Material for the task:
##############################

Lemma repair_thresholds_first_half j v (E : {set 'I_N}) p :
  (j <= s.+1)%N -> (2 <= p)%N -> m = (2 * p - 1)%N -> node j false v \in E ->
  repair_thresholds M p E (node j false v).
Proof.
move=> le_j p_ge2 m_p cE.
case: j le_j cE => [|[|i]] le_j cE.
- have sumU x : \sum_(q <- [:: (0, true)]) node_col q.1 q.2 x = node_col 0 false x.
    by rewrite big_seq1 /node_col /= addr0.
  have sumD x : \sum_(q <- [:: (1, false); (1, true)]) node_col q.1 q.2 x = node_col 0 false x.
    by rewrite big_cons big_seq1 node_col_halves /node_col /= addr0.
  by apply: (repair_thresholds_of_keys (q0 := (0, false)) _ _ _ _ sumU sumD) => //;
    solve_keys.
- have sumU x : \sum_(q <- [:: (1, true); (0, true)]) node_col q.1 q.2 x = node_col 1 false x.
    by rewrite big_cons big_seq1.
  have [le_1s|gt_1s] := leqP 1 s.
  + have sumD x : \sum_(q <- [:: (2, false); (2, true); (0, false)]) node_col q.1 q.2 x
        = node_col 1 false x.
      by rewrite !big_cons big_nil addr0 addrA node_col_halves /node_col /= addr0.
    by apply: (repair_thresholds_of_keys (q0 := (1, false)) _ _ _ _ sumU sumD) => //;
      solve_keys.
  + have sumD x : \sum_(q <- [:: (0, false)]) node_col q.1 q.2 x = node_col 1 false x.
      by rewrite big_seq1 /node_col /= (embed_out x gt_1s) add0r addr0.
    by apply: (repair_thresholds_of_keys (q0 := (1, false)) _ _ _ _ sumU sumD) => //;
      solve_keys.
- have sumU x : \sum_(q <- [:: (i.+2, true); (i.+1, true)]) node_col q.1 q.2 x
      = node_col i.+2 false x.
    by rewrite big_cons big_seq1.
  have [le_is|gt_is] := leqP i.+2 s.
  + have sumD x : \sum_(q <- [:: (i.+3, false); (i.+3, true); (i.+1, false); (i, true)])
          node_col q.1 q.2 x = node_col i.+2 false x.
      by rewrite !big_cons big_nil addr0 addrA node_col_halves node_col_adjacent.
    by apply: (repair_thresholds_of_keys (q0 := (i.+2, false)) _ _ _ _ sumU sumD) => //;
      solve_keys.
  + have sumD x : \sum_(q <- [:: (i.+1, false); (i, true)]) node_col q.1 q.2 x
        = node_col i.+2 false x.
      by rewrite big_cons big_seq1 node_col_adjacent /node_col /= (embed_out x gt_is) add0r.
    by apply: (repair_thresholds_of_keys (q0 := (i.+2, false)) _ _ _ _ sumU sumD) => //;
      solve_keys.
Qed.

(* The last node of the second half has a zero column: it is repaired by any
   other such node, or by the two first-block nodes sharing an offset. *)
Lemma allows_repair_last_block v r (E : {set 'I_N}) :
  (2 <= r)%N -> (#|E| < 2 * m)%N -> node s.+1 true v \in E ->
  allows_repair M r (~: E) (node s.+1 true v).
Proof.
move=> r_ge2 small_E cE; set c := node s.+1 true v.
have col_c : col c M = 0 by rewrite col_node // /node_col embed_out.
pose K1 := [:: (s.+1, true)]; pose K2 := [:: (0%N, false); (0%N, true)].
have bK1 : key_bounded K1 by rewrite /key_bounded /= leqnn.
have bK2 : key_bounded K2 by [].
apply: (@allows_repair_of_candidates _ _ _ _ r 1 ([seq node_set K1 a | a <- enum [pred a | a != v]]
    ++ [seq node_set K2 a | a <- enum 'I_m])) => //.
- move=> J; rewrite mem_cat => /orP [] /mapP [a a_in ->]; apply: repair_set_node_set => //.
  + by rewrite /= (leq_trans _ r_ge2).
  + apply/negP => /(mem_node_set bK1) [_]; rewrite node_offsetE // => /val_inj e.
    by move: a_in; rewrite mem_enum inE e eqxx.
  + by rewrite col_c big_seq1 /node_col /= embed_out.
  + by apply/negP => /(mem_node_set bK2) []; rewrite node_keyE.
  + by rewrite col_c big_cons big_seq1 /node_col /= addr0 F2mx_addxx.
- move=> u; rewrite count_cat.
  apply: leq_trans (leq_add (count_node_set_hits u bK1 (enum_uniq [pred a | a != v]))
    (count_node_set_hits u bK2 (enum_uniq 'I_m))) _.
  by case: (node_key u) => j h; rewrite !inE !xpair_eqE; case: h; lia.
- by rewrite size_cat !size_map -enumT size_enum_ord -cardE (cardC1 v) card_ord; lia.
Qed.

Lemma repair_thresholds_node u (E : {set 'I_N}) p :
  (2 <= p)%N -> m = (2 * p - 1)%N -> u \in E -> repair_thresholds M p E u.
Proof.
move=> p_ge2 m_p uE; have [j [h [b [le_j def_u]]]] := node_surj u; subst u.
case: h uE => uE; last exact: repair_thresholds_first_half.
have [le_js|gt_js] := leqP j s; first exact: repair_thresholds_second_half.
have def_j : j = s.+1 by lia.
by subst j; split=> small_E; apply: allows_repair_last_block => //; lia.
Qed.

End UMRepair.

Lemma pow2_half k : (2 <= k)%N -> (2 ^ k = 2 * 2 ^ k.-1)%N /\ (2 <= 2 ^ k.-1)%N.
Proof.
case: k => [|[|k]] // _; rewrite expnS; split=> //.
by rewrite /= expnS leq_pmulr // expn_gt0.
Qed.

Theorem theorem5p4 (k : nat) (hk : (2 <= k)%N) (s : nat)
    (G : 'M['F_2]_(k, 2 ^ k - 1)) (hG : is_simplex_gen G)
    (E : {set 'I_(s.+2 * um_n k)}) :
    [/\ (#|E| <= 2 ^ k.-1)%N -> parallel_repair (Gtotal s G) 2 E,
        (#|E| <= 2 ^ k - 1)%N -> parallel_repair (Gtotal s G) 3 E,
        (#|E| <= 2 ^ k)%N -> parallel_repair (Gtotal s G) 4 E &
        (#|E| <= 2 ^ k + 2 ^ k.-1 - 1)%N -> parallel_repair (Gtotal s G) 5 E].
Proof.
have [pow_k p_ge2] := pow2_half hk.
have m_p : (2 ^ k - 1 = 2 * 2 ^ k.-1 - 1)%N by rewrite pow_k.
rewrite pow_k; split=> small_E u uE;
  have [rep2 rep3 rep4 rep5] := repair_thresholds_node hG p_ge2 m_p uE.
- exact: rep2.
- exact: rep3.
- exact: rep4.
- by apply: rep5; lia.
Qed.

##############################

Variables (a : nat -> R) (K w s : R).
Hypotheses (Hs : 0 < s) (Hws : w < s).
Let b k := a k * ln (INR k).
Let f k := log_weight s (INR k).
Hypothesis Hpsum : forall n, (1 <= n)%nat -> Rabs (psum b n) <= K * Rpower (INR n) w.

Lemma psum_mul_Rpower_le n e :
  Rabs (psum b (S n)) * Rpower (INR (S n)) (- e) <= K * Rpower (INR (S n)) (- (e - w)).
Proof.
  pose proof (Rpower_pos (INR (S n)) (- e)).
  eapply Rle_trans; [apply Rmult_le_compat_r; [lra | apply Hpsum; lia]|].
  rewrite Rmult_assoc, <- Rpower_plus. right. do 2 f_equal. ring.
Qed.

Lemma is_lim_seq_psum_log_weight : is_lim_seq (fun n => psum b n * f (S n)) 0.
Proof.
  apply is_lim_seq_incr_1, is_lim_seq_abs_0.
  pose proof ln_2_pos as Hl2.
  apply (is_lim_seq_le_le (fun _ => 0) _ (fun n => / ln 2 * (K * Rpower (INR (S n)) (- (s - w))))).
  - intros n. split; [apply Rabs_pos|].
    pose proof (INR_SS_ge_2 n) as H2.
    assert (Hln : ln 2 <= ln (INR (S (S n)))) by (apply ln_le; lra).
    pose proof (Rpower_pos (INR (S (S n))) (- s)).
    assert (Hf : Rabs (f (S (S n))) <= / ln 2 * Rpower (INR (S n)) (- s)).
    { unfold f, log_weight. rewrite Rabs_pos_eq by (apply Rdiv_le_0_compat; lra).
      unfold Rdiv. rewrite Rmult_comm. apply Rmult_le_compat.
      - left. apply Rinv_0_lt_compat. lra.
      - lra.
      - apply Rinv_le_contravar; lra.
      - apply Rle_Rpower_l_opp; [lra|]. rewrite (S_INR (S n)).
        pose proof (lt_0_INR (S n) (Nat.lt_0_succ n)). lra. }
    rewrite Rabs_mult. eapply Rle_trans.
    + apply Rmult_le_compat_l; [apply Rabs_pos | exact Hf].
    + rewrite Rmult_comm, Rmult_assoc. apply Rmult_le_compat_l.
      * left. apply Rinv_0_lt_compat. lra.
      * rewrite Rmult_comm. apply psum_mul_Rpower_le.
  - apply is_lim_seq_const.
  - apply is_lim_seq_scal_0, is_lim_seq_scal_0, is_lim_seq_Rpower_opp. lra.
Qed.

##############################

Exercise details: Please work out how many lines above carry "leqP", writing only the result.

Result: 3